Effect of tonifying shen recipe on advanced glycosylation end products in aorta and serum lipids in ovariectomized rats.
- Author:
Xi-zhen GE
1
;
De-juan KONG
;
En LI
Author Information
- Publication Type:Journal Article
- MeSH: Animals; Aorta; metabolism; Female; Glycation End Products, Advanced; metabolism; Lipid Peroxidation; drug effects; Lipids; blood; Ovariectomy; Random Allocation; Rats; Rats, Sprague-Dawley
- From: Chinese Journal of Integrated Traditional and Western Medicine 2003;23(4):288-290
- CountryChina
- Language:Chinese
-
Abstract:
OBJECTIVETo investigate the effect of tonifying Shen recipe (TSR) on levels of advanced glycosylation end products (AGEs) in aorta, serum lipids and lipid peroxidation in ovariectomized rats.
METHODSRats were randomly divided into the sham group, the ovariectomized group and the TSR group, in which the rats were treated with TSR for 13 weeks starting from 2 weeks after ovariectomy. Blood sample was taken out from rat at the end of the experiment after 24 hrs fasting for determination of lipids and lipid peroxidation, and the animal was sacrificed, the aorta was taken out for detecting AGEs.
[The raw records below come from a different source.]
Lemma exists_full : exists j, full j.
Proof.
apply: NNPP => Hn; have [p [q Hpq]] := zero_diag_cover 1.
apply: (diag_blocks_not_span3 (k := 0) (a1 := block 0 0 p) (a2 := block 0 0 q)
  (a3 := fun=> 0)) => j.
have Hf : ~ full j by move=> Hf; apply: Hn; exists j.
have [[H00|H11] _] := nonfull_zero_blocks Hf ord2_neq01.
  by exists 0, 0, 0 => pq; rewrite H00 !mul0r !addr0.
case: (Hpq j H11) => ->.
  by exists 1, 0, 0 => pq; rewrite mul1r !mul0r !addr0.
by exists 0, 1, 0 => pq; rewrite mul1r !mul0r !addr0 add0r.
Qed.

Lemma diag_block_parallel k j a :
  det2 (vcol k j) (vcol k a) = 0 -> det2 (wrow k j) (wrow k a) = 0 -> full a ->
  exists s, forall pq, block k k j pq = s * block k k a pq.
Proof.
move=> HB HC Ha.
have [s1 Hs1] := det2_eq0_scale HB (Ha k).1; have [s2 Hs2] := det2_eq0_scale HC (Ha k).2.
exists (s1 * s2) => [[p q]]; rewrite /block /=.
by have := Hs1 p; have := Hs2 q; rewrite /vcol /wrow => -> ->; ring.
Qed.

Lemma diag_block_vcol_span k j n : det2 (vcol k j) n = 0 -> nonzero2 n ->
  exists s1 s2, forall pq, block k k j pq =
    s1 * (n pq.1 * (pq.2 == 0)%:R) + s2 * (n pq.1 * (pq.2 == 1)%:R).
Proof.
move=> HB Hn; have [s Hs] := det2_eq0_scale HB Hn.
exists (s * wrow k j 0), (s * wrow k j 1) => [[p q]]; rewrite /block /=.
have := Hs p; rewrite /vcol /wrow => ->.
by case: (ord2P q) => ->; rewrite eqxx ?(negbTE ord2_neq01) ?(negbTE ord2_neq10) /=; ring.
Qed.

Lemma diag_block_wrow_span k j m : det2 (wrow k j) m = 0 -> nonzero2 m ->
  exists s1 s2, forall pq, block k k j pq =
    s1 * ((pq.1 == 0)%:R * m pq.2) + s2 * ((pq.1 == 1)%:R * m pq.2).
Proof.
move=> HC Hm; have [s Hs] := det2_eq0_scale HC Hm.
exists (s * vcol k j 0), (s * vcol k j 1) => [[p q]]; rewrite /block /=.
have := Hs q; rewrite /vcol /wrow => ->.
by case: (ord2P p) => ->; rewrite eqxx ?(negbTE ord2_neq01) ?(negbTE ord2_neq10) /=; ring.
Qed.

Lemma zero_offblock_parallel k l a : k != l -> avoid1 a -> zero_block k l a ->
  forall j j', full j -> full j' ->
  det2 (vcol k j') (vcol k j) = 0 /\ det2 (wrow l j') (wrow l j) = 0.
Proof.
move=> hkl Ha Hz j j' Hj Hj'.
have Haj : avoid2 a j.
  move=> al be HR; have [pq Hpq] := full_block_nonzero k l Hj.
  have /eqP := inR_lincomb3_offdiag HR hkl pq.
  rewrite Hz mulr0 add0r mul0r addr0 mulf_eq0 (negbTE Hpq) orbF => /eqP be0.
  by split=> //; apply: Ha; apply: inR_ext HR => i; rewrite /lincomb3 be0 !mul0r.
have [ga [de HR]] := avoid2_complement Haj j'.
have E p q : vcol k j' p * wrow l j' q = vcol k j p * (- de * wrow l j q).
  have := inR_lincomb3_offdiag HR hkl (p, q); rewrite Hz mulr0 addr0 mul1r /block /=.
  by move/eqP; rewrite addr_eq0 => /eqP; rewrite /vcol /wrow => ->; ring.
split; first exact: det2_outer_l E (Hj' l).2.
apply: (det2_outer_r (x' := fun p => - de * vcol k j p) _ (Hj' k).1) => p q.
by rewrite E; ring.
Qed.

Lemma parallel_of_not_avoid2 k l a b : k != l -> full a -> full b -> ~ avoid2 a b ->
  det2 (vcol k b) (vcol k a) = 0 /\ det2 (wrow l b) (wrow l a) = 0.
Proof.
move=> hkl Ha Hb Hab.
have [al [be [HR Hnz]]] : exists al be, inR (lincomb3 al a be b 0 a) /\ ~ (al = 0 /\ be = 0).
  apply: NNPP => H; apply: Hab => al be HR; apply: NNPP => H'; apply: H.
  by exists al, be.
have be_nz : be != 0.
  apply/eqP => be0; apply: Hnz; split=> //.
  by apply: (full_avoid1 Ha); apply: inR_ext HR => j; rewrite /lincomb3 be0 !mul0r.
have E p q : vcol k b p * wrow l b q = vcol k a p * (- (al / be) * wrow l a q).
  have := inR_lincomb3_offdiag HR hkl (p, q).
  rewrite mul0r addr0 /block /vcol /wrow /= => /eqP; rewrite addrC addr_eq0 => /eqP E.
  by apply: (mulfI be_nz); rewrite E; field.
split; first exact: det2_outer_l E (Hb l).2.
apply: (det2_outer_r (x' := fun p => - (al / be) * vcol k a p) _ (Hb k).1) => p q.
by rewrite E; ring.
Qed.

(* An off-diagonal block (k, l) vanishes at some index a with e_a outside R. *)
Definition offzero k l := exists a, avoid1 a /\ zero_block k l a.
Lemma coef_exp_lt (R : nzRingType) (P : {poly R}) m n :
  P`_0 = 0 -> (n < m)%N -> (P ^+ m)`_n = 0.
Proof.
move=> P0; elim: m n => [|m IHm] n // n_lt.
rewrite exprS coefM big1 // => -[[|j] j_lt] _ /=; first by rewrite P0 mul0r.
by rewrite IHm ?mulr0 //; lia.
Qed.

Definition ps_trunc (N : nat) (f : ps) : {poly rat} := \poly_(i < N) f i.

Lemma ps_pow_trunc f m n N :
  (n < N)%N -> ps_pow f m n = (ps_trunc N f ^+ m)`_n.
Proof.
elim: m n => [|m IHm] n n_lt; first by rewrite expr0 coef1.
rewrite exprS coefM /ps_pow iterS -/(ps_pow f m); apply: eq_bigr => j _.
have j_lt := ltn_ord j; rewrite coef_poly ifT; [rewrite IHm //|]; lia.
Qed.

Definition exp_trunc {R : numFieldType} (M : nat) (P : {poly R}) :=
  \sum_(m < M) (m`!%:R^-1 : R) *: P ^+ m.

Lemma ps_exp_trunc f n M N : f 0%N = 0 -> (n < M)%N -> (n < N)%N ->
  ps_exp f n = (exp_trunc M (ps_trunc N f))`_n.
Proof.
move=> f0 n_ltM n_ltN; rewrite /ps_exp /exp_trunc coef_sum.
rewrite (big_ord_widen M (fun m => ps_pow f m n / m`!%:R)) // big_mkcond /=.
apply: eq_bigr => -[m m_lt] _ /=; rewrite coefZ mulrC.
case: ltnP => [m_le|n_lt]; first by rewrite (ps_pow_trunc _ _ _ _ n_ltN).
by rewrite coef_exp_lt ?mulr0 // coef_poly; case: ifP.
Qed.

Lemma deriv_exp_trunc (R : numFieldType) M (P : {poly R}) :
  (exp_trunc M.+1 P)^`() = exp_trunc M P * P^`().
Proof.
rewrite /exp_trunc raddf_sum big_ord_recl /= derivZ derivC scaler0 add0r.
rewrite mulr_suml; apply: eq_bigr => m _.
rewrite derivZ deriv_exp /bump /= add1n -scaler_nat scalerA factS natrM invfM.
by rewrite mulrAC mulVf ?pnatr_eq0 // mul1r -scalerAl mulrC.
Qed.

Lemma ps_exp_rec f n : f 0%N = 0 ->
  n.+1%:R * ps_exp f n.+1 =
    \sum_(j < n.+1) ps_exp f j * ((n - j).+1%:R * f (n - j).+1).
Proof.
move=> f0; have := congr1 (fun P : {poly rat} => P`_n)
  (deriv_exp_trunc _ n.+1 (ps_trunc n.+2 f)).
rewrite /= coef_deriv -(ps_exp_trunc _ _ _ _ f0) // coefM mulr_natl => ->.
apply: eq_bigr => -[j j_lt] _ /=.
rewrite -(ps_exp_trunc _ _ _ _ f0) ?coef_deriv ?coef_poly ?ifT ?mulr_natl //.
all: lia.
Qed.

Section ArtinHasse.
Variable p : nat.
Hypothesis p_pr : prime p.

Lemma pow_eq_small t : (0 < t < p * p)%N ->
  [exists i : 'I_t.+1, p ^ i == t]%N = (t == 1)%N || (t == p).
Proof.
move=> /andP[t_gt0 t_lt]; have p_gt1 := prime_gt1 p_pr.
apply/existsP/orP => [[[[|[|i]] _] /eqP /= t_eq]|[] /eqP ->].
- by left; rewrite -t_eq.
- by right; rewrite -t_eq expn1.
- have := expn_gt0 p i; rewrite -t_eq !expnS in t_lt; nia.
- by exists ord0.
- have lt1p : (1 < p.+1)%N by rewrite ltnS ltnW.
  by exists (Ordinal lt1p); rewrite expn1.
Qed.

Lemma AH_arg_small t : (0 < t < p * p)%N ->
  t%:R * AH_arg p t = (t == 1)%N%:R + (t == p)%:R.
Proof.
move=> t_range; rewrite /AH_arg pow_eq_small //; have p_gt1 := prime_gt1 p_pr.
case: (eqVneq t 1) => [->|t_neq1] /=; first by rewrite ltn_eqF // mulr1 addr0.
case: (eqVneq t p) => [->|t_neqp] /=; last by rewrite mulr0 addr0.
by rewrite divff ?add0r // pnatr_eq0 -lt0n ltnW.
Qed.

Lemma AH_arg0 : AH_arg p 0 = 0.
Proof. by rewrite /AH_arg; case: ifP; rewrite ?invr0. Qed.

Lemma AH0 : AH p 0 = 1.
Proof. by rewrite /AH /ps_exp big_ord1 /= /ps_one /= divr1. Qed.

Lemma AH_rec n : (0 < n < p * p)%N ->
  n%:R * AH p n = AH p n.-1 + (p <= n)%N%:R * AH p (n - p)%N.
Proof.
case: n => // n /andP[_ n_lt]; rewrite /AH ps_exp_rec ?AH_arg0 //=.
have weight (j : 'I_n.+1) : (n - j).+1%:R * AH_arg p (n - j).+1 =
    (j == n :> nat)%:R + (j == n.+1 - p :> nat)%N%:R * (p <= n.+1)%N%:R.
  have := ltn_ord j; rewrite AH_arg_small; last by apply/andP; split; lia.
  move=> j_le; congr (_%:R + _); first by apply/eqP/eqP; lia.
  case: leqP => p_le; rewrite ?mulr1 ?mulr0.
    by congr _%:R; apply/eqP/eqP; lia.
  by apply/eqP; rewrite pnatr_eq0 eqb0; apply/eqP; lia.
under eq_bigr do rewrite weight mulrDr mulrA ![ps_exp _ _ * _]mulrC -mulrA.
rewrite big_split sum_ord_eq_mul /= ltnSn.
rewrite (sum_ord_eq_mul _ _ _ (fun j => ps_exp (AH_arg p) j * (p <= n.+1)%N%:R)).
by rewrite ifT ?[_ * (p <= _)%:R]mulrC //; lia.
Qed.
RESULTSNo significant difference was found between groups in levels of total cholesterol and low density lipoprotein cholesterol. In comparing with the sham group, levels of aortic AGEs, serum triglyceride (TG), oxidized low density lipoprotein (OX-LDL) and malondialdehyde (MDA) in the ovariectomized group were obviously higher (P < 0.05 or P < 0.01), and levels of high density lipoprotein cholesterol (HDL-C), apo-lipoprotein A-I (apoA-I) and activity of superoxide dismutase (SOD) were lower (all P < 0.01). While in the TSR group, as compared with the ovariectomized group, the above-mentioned abnormal changes, excepting for TG, were all reversed to certain degree (P < 0.05 or P < 0.01).
CONCLUSIONTSR displays its cardiovascular protecting effect in ovariectomized rats through lowering the AGEs content in aorta, reducing the serum levels of OX-LDL and MDA, raising the levels of serum HDL-C and apoA-I and increasing SOD activity.